**Work item**
Within the material below, locate the line with "by move: bi; rewrite (calB_orth" and the line with "Proof. by move=>", then return those two lines and all lines between them, exactly as written.

══════

Lemma alpha_notin i b : B b -> rfa i b = 1 \/ rfa i b = -1 -> ~ B (alpha i).
Proof.
move=> Bb bi Bi; have [bE | bi'] := eqVneq b (alpha i).
  by move: bi; rewrite bE rform_alpha_id; lia.
by move: bi; rewrite (calB_orth BcalB Bb Bi) //; [lia | apply/eqP].
Qed.

Lemma rB_id_mem i b : ~ B (alpha i) -> B b -> rfa i b = 0 -> rB i B b.
Proof. by move=> Bi Bb bi0; apply/(rBE Bpos Bi); exists b; rewrite ?refl_id. Qed.

(* (b, r_i b) = 2 - (b, alpha_i)^2 = 1, so b and r_i b are not orthogonal. *)
Lemma refl_notin i b : ~ B (alpha i) -> B b -> rfa i b != 0 -> ~ B (r i b).
Proof.
move=> Bi Bb /eqP bi0 Brb; have [rb _] := Bpos Bb.
have := rform_alpha_mem Bi Bb.
have brb : b <> r i b by move=> e; have := rform_refl_alpha_id i b; rewrite -e; lia.
have := calB_orth BcalB Bb Brb brb; rewrite rform_reflr rform_root_self //; nia.
Qed.

Lemma rB_notin i b : ~ B (alpha i) -> B b -> rfa i b != 0 -> ~ rB i B b.
Proof.
move=> Bi Bb bi0 /(rBE Bpos Bi) [b' Bb' bE].
apply: (refl_notin Bi Bb' _); last by rewrite -bE.
by move: bi0; rewrite bE rform_refl_alpha_id oppr_eq0.
Qed.

Lemma height_down_up i b1 b2 : B b1 -> B b2 -> rfa i b1 = 1 -> rfa i b2 = -1 ->
  height b1 <> height b2 + 1.
Proof.
move=> Bb1 Bb2 b1i b2i; have [rb1 _] := Bpos Bb1; have [rb2 _] := Bpos Bb2.
have b12 : b1 <> b2 by move=> e; move: b1i; rewrite e b2i; lia.
have := height_neq rb1 (root_refl i rb2).
by rewrite rform_reflr (calB_orth BcalB Bb1 Bb2 b12) height_refl b1i b2i; lia.
Qed.

Lemma height_down_up2 i j d b : adj i j -> B d -> B b ->
  rfa j d = 1 -> rfa i d = 0 -> rfa i b = 0 -> rfa j b = -1 -> height d <> height b + 2.
Proof.
move=> hij Bd Bb dj di bi bj; have [rd _] := Bpos Bd; have [rb _] := Bpos Bb.
have db : d <> b by move=> e; move: dj; rewrite e bj; lia.
have := height_neq rd (root_refl i (root_refl j rb)).
rewrite !rform_reflr (calB_orth BcalB Bd Bb db) !height_refl.
have hji : adj j i by rewrite adj_sym.
by rewrite rform_refl_alpha_adj // di bi bj dj; lia.
Qed.

Lemma rB_lt_of_heights i h : ~ B (alpha i) ->
  (forall b, B b -> rfa i b != 0 -> height b <= h /\ height (r i b) < h) ->
  (exists2 b, B b & rfa i b != 0 /\ height b = h) -> layer_lt (rB i B) B.
Proof.
move=> Bi low [b1 Bb1 [b1i hb1]]; exists h; split.
- move=> y hy; split=> [/(rBE Bpos Bi) [b Bb yE] | By].
    have [bi0 | bi0] := eqVneq (rfa i b) 0; first by rewrite yE refl_id.
    by have := low b Bb bi0; rewrite -yE; lia.
  have [yi0 | yi0] := eqVneq (rfa i y) 0; first exact: rB_id_mem.
  by have := low y By yi0; lia.
- by exists b1; split=> //; apply: rB_notin.
- move=> x hx /(rBE Bpos Bi) [b Bb xE].
  have [bi0 | bi0] := eqVneq (rfa i b) 0; first by rewrite xE refl_id.
  by have := low b Bb bi0; rewrite -xE; lia.
Qed.

Lemma descent_notin i : descent i B -> ~ B (alpha i).
Proof. by case=> b Bb [bi _ _]; apply: alpha_notin Bb _; left. Qed.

══════

**Written solution**
by move: bi; rewrite (calB_orth BcalB Bb Bi) //; [lia | apply/eqP].
Qed.

Lemma rB_id_mem i b : ~ B (alpha i) -> B b -> rfa i b = 0 -> rB i B b.
Proof. by move=> Bi Bb bi0; apply/(rBE Bpos Bi); exists b; rewrite ?refl_id. Qed.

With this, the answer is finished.